┏━━
Lemma IbarD_le f g : Ibar TS (fun S => f S + g S) <= Ibar TS f + Ibar TS g.
Proof.
have Ibar_nNy h : Ibar TS h != -oo by rewrite gt_eqF // (lt_le_trans (ltNyr 0)) // Ibar_ge0.
have [->|/Ibar_fin_num fin_f] := eqVneq (Ibar TS f) +oo; first by rewrite addye ?leey.
have [->|/Ibar_fin_num fin_g] := eqVneq (Ibar TS g) +oo; first by rewrite addey ?leey.
apply/lee_addgt0Pr => e e0; have e20 : (0 < e / 2)%R by rewrite divr_gt0.
have /Ibar_lt[P [posP Pf Pe]] : Ibar TS f < Ibar TS f + (e / 2)%:E by rewrite lteDl.
have /Ibar_lt[Q [posQ Qg Qe]] : Ibar TS g < Ibar TS g + (e / 2)%:E by rewrite lteDl.
apply: le_trans (Ibar_le_endowment (pos_gpD posP posQ) _) _.
  apply/superhedgesE => S TSS; rewrite (gwealthD (pos_gen posP) (pos_gen posQ) TSS).
  by apply: leeD; [exact: Pf|exact: Qg].
rewrite (endowmentD (pos_gen posP) (pos_gen posQ)) (le_trans (ltW (lteD Pe Qe))) //.
by rewrite addeACA -EFinD -splitr.
Qed.

Lemma Ibar_series_le (F : nat -> traj R -> \bar R) : (forall k S, TS S -> 0 <= F k S) ->
  Ibar TS (fun S => \sum_(k <oo) F k S) <= \sum_(k <oo) Ibar TS (F k).
Proof.
move=> F_ge0; have [->|sum_fin] := eqVneq (\sum_(k <oo) Ibar TS (F k)) +oo; first exact: leey.
have fin_k k : Ibar TS (F k) \is a fin_num.
  apply: Ibar_fin_num; apply: contra sum_fin => /eqP Fk; apply/eqP.
  by apply: (nneseries_pinfty _ (k := k)) => // n _; exact: Ibar_ge0.
apply/lee_addgt0Pr => e e0.
have /choice[Q hQ] : forall k, exists Q, [/\ pos_gen_portfolio TS Q, superhedges TS Q (F k)
    & endowment Q < Ibar TS (F k) + (e / (2 ^ k.+1)%:R)%:E].
  by move=> k; apply: Ibar_lt; rewrite lteDl // lte_fin divr_gt0 // ltr0n expn_gt0.
have [phi phi_bij] : exists phi : nat -> nat * nat, set_bij [set: nat] [set: nat * nat] phi.
  have /ppcard_eqP[phi] : ([set: nat] #= [set: nat * nat])%card.
    by rewrite card_eq_sym; exact: card_nat2.
  by exists phi.
have posQ k : pos_gen_portfolio TS (Q k) by have [] := hQ k.
apply: le_trans (Ibar_le_endowment (pos_gp_concat phi posQ) _) _.
  apply/superhedgesE => S TSS.
  rewrite /gwealth (gsum_concat (F := fun p => twealth p S) (twealth_cst 0 S) phi_bij);
    last 2 first.
  - by move=> k; exact: pos_gen_twealth0.
  - by move=> k; exact: gen_tail_ge0_twealth (pos_gen (posQ k)) TSS.
  apply: lee_nneseries => [k _ _|k _]; first exact: F_ge0.
  by have [_ Qk _] := hQ k; exact: Qk.
rewrite endowmentE (gsum_concat (F := @sp_V R) erefl phi_bij); last 2 first.
- by move=> k; exact: pos_gen_V0.
- by move=> k; exact: gen_tail_ge0_V (pos_gen (posQ k)).
apply: le_trans (epsilon_trick _ (fun k => Ibar_ge0 (F k)) (ltW e0)).
apply: lee_nneseries => [k _ _|k _]; first exact: pos_endowment_ge0.
by have [_ _ /ltW] := hQ k.
Qed.

Hypothesis K : condK TS.
Lemma iso_semilinear_of_lines (U L1 L2 L3 : C2 -> Prop) :
  (forall (c : C) (X : C2), U X -> U (c2scal c X)) ->
  complex_line L1 -> complex_line L2 -> complex_line L3 -> L1 <> L2 -> L1 <> L3 -> L2 <> L3 ->
  (forall Y, union3 L1 L2 L3 Y <-> exists X, U X /\ T X = Y) ->
  exists s, forall (l : C) (X : C2), T (c2scal l X) = c2scal (cconj_if s l) (T X).
Proof.
  intros HU l1 l2 l3 n12 n13 n23 Himg.
  destruct (complex_line_nonzero L1 l1) as [v1 [Hv1 Hv10]].
  destruct (complex_line_nonzero L2 l2) as [v2 [Hv2 Hv20]].
  destruct (complex_line_nonzero L3 l3) as [v3 [Hv3 Hv30]].
  destruct (iso_line_twist U L1 L2 L3 v1) as [X1 [s1 F1]]; auto.
  destruct (iso_line_twist U L2 L1 L3 v2) as [X2 [s2 F2]]; auto.
  { intros Y. rewrite <- Himg. unfold union3. tauto. }
  destruct (iso_line_twist U L3 L1 L2 v3) as [X3 [s3 F3]]; auto.
  { intros Y. rewrite <- Himg. unfold union3. tauto. }
  assert (Hd : c2det v1 v2 <> 0%C) by (apply (complex_line_det L1 L2); assumption).
  assert (Hs : s1 = s2).
  { apply (iso_twists_agree s1 s2 s3 X1 X2 X3 v1 v2 v3); auto;
      intros a E; apply Hv30; [apply (complex_line_meet L1 L3) | apply (complex_line_meet L2 L3)];
      auto; rewrite E; apply complex_line_subspace; assumption. }
  subst s2. exists s1. exact (iso_semilinear_of_basis s1 X1 X2 v1 v2 F1 F2 Hd).
Qed.

End Isometry.
Lemma td_loop_spec f rem b (r := td_loop own pr succ tv tesc tsig f P rem) :
  #|Vsub rem| < f -> (forall v, rem v -> has rem (succ v)) -> (forall v, rem v -> pr v < b) ->
  topdown own pr succ tv tsig (Vsub rem) r.1 /\
  r.2 <= b * (13 * (nedges succ + n * k)) + n + 1.
Proof.
rewrite {}/r; elim: f rem b => [|f IH] rem b card_lt rem_succ pr_lt //=.
rewrite [cfold _ _ false]surjective_pairing cfold_fst foldl_orb cfold_snd0 // size_enum_ord /=.
case: hasP => [[v0 _ rv0]|no_rem] /=; last first.
  have -> : Vsub rem = set0.
    by apply/setP => v; rewrite !inE; apply/negP => rv; apply: no_rem; exists v; rewrite ?mem_enum.
  by split; [exact: TDnil | rewrite addn1 ltnS leq_addl].
have n_gt0 : 0 < n := leq_ltn_trans (leq0n v0) (ltn_ord v0).
have [vm vm_rem vmE] : {vm | vm \in Vsub rem & prmax pr (Vsub rem) = pr vm}.
  by apply: eq_bigmax_cond; apply/card_gt0P; exists v0; rewrite inE.
have [T remE good pr_lt' /(_ n_gt0) cost] := region_step rem_succ.
case: (region _ _ _ _ _ _ P rem) T remE good pr_lt' cost => [[[R s] rem'] c1] /=.
set p := prmax pr (Vsub rem) => T remE good pr_lt' cost.
have rem'_sub : Vsub rem' \proper Vsub rem.
  apply/properP; split; first by apply/subsetP => v; rewrite !inE remE => /andP [].
  by exists vm; rewrite // inE; apply/negP => /pr_lt'; rewrite /p vmE ltnn.
have [|T' cost'] := IH rem' p _ good pr_lt'.
  by move: (proper_card rem'_sub) card_lt; lia.
case: (td_loop _ _ _ _ _ _ f P rem') T' cost' => rest c2 /= T' cost'.
split.
- apply: TDcons T _; first by apply/set0Pn; exists v0; rewrite inE.
  by rewrite (_ : _ :\: _ = Vsub rem') //; apply/setP => v; rewrite !inE remE andbC.
- have p_lt_b : p < b by rewrite /p vmE; apply: pr_lt; rewrite inE in vm_rem.
  have pb := leq_mul p_lt_b (leqnn (13 * (nedges succ + n * k))).
  by move: n_le_m n_gt0 cost cost' pb; rewrite mulSn; lia.
Qed.

End TopDown.

End Decomposition.

Lemma card_le_nedges n (succ : 'I_n -> seq 'I_n) : (forall v, succ v != [::]) -> n <= nedges succ.
Proof.
move=> succ_ne; rewrite /nedges -[n in n <= _]card_ord -sum1_card.
by apply: leq_sum => v _; case: (succ v) (succ_ne v).
Qed.

Theorem lemma11 :
  exists C : nat,
  forall (n k d : nat) (own : 'I_n -> bool) (pr : 'I_n -> nat)
         (succ : 'I_n -> seq 'I_n) (tv tesc : 'I_k -> seq 'I_n)
         (tsig : 'I_k -> 'I_n -> 'I_n),
    valid_game pr succ d ->
    valid_tangles own pr succ tv tsig tesc ->
    let (out, cost) := topdown_alg own pr succ tv tesc tsig in
    topdown own pr succ tv tsig [set: 'I_n] out /\
    cost <= C * (d.+1 * nedges succ + d.+1 * n * k) + C.
Proof.
exists 17 => n k d own pr succ tv tesc tsig [pr_le [succ_ne succ_uniq]] [tangles _].
have tv_uniq i : uniq (tv i) by case: (tangles i).
have tesc_uniq i : uniq (tesc i) by case: (tangles i).
have tesc_escapes i := let: And4 _ _ _ e := tangles i in e.
have n_le_m := card_le_nedges succ_ne.
have card_lt : #|Vsub (fun _ : 'I_n => true)| < n.+1 by rewrite cardsT card_ord.
have no_dead_end (v : 'I_n) : true -> has predT (succ v) by case: (succ v) (succ_ne v).
have pr_lt (v : 'I_n) : true -> pr v < d.+1 by rewrite ltnS.
have [] := td_loop_spec tsig tv_uniq tesc_uniq succ_uniq tesc_escapes (count_preds_comp succ)
  (sum_size_preds_comp succ) n_le_m card_lt no_dead_end pr_lt.
rewrite /topdown_alg [preds_comp succ]surjective_pairing cost_preds_comp; cbv beta iota.
case: (td_loop _ _ _ _ _ _ _ _ _) => out c /= T cost.
split; first by rewrite (_ : [set: 'I_n] = Vsub (fun _ => true)) //; apply/setP => v; rewrite !inE.
rewrite -mulnA -mulnDr; set X := nedges succ + n * k.
have : X <= d.+1 * X by rewrite leq_pmull.
by move: cost n_le_m; rewrite /X; lia.
Qed.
┗━━
#### Task requirements:
Transcribe exactly, and only, the lines from the opening line of the records through the line containing "have /Ibar_lt[P [posP".

#### Result:
Lemma IbarD_le f g : Ibar TS (fun S => f S + g S) <= Ibar TS f + Ibar TS g.
Proof.
have Ibar_nNy h : Ibar TS h != -oo by rewrite gt_eqF // (lt_le_trans (ltNyr 0)) // Ibar_ge0.
have [->|/Ibar_fin_num fin_f] := eqVneq (Ibar TS f) +oo; first by rewrite addye ?leey.
have [->|/Ibar_fin_num fin_g] := eqVneq (Ibar TS g) +oo; first by rewrite addey ?leey.
apply/lee_addgt0Pr => e e0; have e20 : (0 < e / 2)%R by rewrite divr_gt0.
have /Ibar_lt[P [posP Pf Pe]] : Ibar TS f < Ibar TS f + (e / 2)%:E by rewrite lteDl.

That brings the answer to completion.